No one can accuse the famed investor Michael Burry of inconsistency.
The man immortalized by Michael Lewis’s book-turned-into-movie “The Big Short” has been bearish on stocks and other risk assets for months.
On Sept. 6-7, he took to Twitter to again warn of trouble.
“No, we have not hit bottom yet,” he wrote in one tweet. “Watch for failures, then look for the bottom. 2 SPAC ETFs failing is not near enough.”
The S&P 500 has dropped 17% year to date but rallied in the two months through Aug. 16. Exactly what he means by “failures” is unclear." But it could be anything from bankruptcies by young and/or indebted companies to cryptocurrency meltdowns.
As for the special-purpose-acquisition-company exchange-traded-fund failures, the Defiance Next Gen SPAC Derived ETF and the Morgan Creek - Exos SPAC Originated ETF closed in August. The SPAC market turned into a speculative bubble that has now burst.
Tweet #2
In another tweet, Burry offered a laundry list of negatives for financial markets.
“Crypto crash. Check
Meme crash. Check.
SPAC crash. Check.
Inflation. Check.
2000. Check
2008. Check
2022. Check.”
In the crypto crash, bitcoin has plunged 61% year to date, recently trading at $18,874, the lowest since December 2020.
Meme stocks have hit the skids, too. One that’s in trouble is home-goods retailer Bed Bath and Beyond (BBBY), which has lost 67% since Aug. 17.
Inflation is raging, with consumer prices ascending 8.5% in the 12 months through July.
The year 2000 saw stocks fall into a bear market, as dot.com companies crashed. Meanwhile 2008 was the year of the worst financial crisis since the 1930s.

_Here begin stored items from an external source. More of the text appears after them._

Lemma Delta_sub : Delta p q = \sum_i p i - \sum_i q i.
Proof. by rewrite /Delta -sumrB; apply: eq_bigr => i _; rewrite ger0_norm // subr_ge0. Qed.

Lemma sigma2_ge0 : 0 <= sigma2 p.
Proof.
by apply: sumr_ge0 => i _; have /andP[p0 p1] := p01 i; rewrite mulr_ge0 ?subr_ge0.
Qed.

Let c := (\sum_i p i + \sum_i q i - 1) / 2.

Section Hybrid.
Variables (j : 'I_n) (z : 'I_n -> R).
Hypotheses (zj0 : z j = 0) (z_between : forall i, i != j -> q i <= z i <= p i).

Lemma hybrid_in01 i : 0 <= z i <= 1.
Proof.
have [->|i_neq_j] := eqVneq i j; first by rewrite zj0 lexx ler01.
have /andP[qz zp] := z_between i_neq_j; have := p01 i; have := q01 i; lra.
Qed.

Lemma sigma2_hybrid_le : sigma2 z <= sigma2 p + Delta p q.
Proof.
rewrite /sigma2 /Delta -big_split /=; apply: ler_sum => i _.
rewrite ger0_norm ?subr_ge0 ?q_le_p //; have [->|i_neq_j] := eqVneq i j.
  by have /andP[p0 p1] := p01 j; have qp := q_le_p j; rewrite zj0; nra.
have /andP[p0 p1] := p01 i; have /andP[q0 q1] := q01 i.
by have /andP[qz zp] := z_between i_neq_j; nra.
Qed.

Lemma sum_hybrid_le : \sum_i z i <= \sum_i p i.
Proof.
apply: ler_sum => i _; have [->|i_neq_j] := eqVneq i j; first by rewrite zj0; have := p01 j; lra.
by have /andP[] := z_between i_neq_j.
Qed.

Lemma sum_hybrid_ge : \sum_i q i - 1 <= \sum_i z i.
Proof.
rewrite lerBlDr -lerBlDl -sumrB (bigD1 j) //= zj0 subr0.
rewrite -[1]addr0 lerD //; first by have /andP[] := q01 j.
by apply: sumr_le0 => i i_neq_j; have /andP[qz _] := z_between i_neq_j; rewrite subr_le0.
Qed.

Lemma hybrid_moment_le :
  sigma2 z + (\sum_i z i - c) ^+ 2 <= sigma2 p + Delta p q + ((Delta p q + 1) / 2) ^+ 2.
Proof.
rewrite lerD ?sigma2_hybrid_le //.
have := sum_hybrid_le; have := sum_hybrid_ge; rewrite /c Delta_sub => ge le; nra.
Qed.

End Hybrid.

Lemma pb_expect_ramp_gap (r : R) : 0 < r ->
  (1 - (sigma2 p + Delta p q + ((Delta p q + 1) / 2) ^+ 2) / r ^+ 2) * Delta p q <=
  pb_expect (ramp r c) p - pb_expect (ramp r c) q.
Proof.
move=> r_gt0; set B := 1 - _ / r ^+ 2; rewrite pb_expect_telescope /Delta mulr_sumr.
apply: ler_sum => j _; rewrite ger0_norm ?subr_ge0 // mulrC ler_wpM2l ?subr_ge0 //.
set z := set_coord (mix p q j) j 0.
have zj0 : z j = 0 by rewrite /z /set_coord eqxx.
have z_between i : i != j -> q i <= z i <= p i.
  move=> /negbTE i_neq_j; rewrite /z /set_coord /mix i_neq_j.
  by case: ifP => _; rewrite ?q_le_p lexx.
apply: le_trans (pb_expect_ramp_step_ge c (hybrid_in01 zj0 z_between) r_gt0).
rewrite /B lerD2l lerN2; apply: ler_wpM2r; last exact: hybrid_moment_le zj0 z_between.
by rewrite invr_ge0 exprn_ge0 // ltW.
Qed.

And apparently Burry doesn’t think 2022 will be so hot either.
Others Agree
He’s not the only one who’s negative on stocks. Goldman Sachs strategists are part of the club too, though their language is less incendiary than Burry’s.
“Taking the experience of the bear markets since the 1980s, including the collapse of the technology bubble in 2000-2002 and the Great Financial Crisis in 2008, we see a repeated pattern of rebounds before the market reaches a trough,” they wrote in a commentary.
“In this context, the recent rally since June 22 is, in our view, a bear market rally. Its duration and magnitude were not unusual relative to the experience of previous decades.”
So where does that leave stocks going forward? “We expect further weakness and bumpy markets before a decisive trough is established,” the strategists said.
Given the Fed’s determination to keep increasing interest rates, Burry and Goldman may well be right that stocks will fall further.
Activity in the interest-rate futures market shows traders see an 81% probability of at least another 150 basis points (1.5 percentage points) of tightening this year. The Fed has done 225 basis points already since March.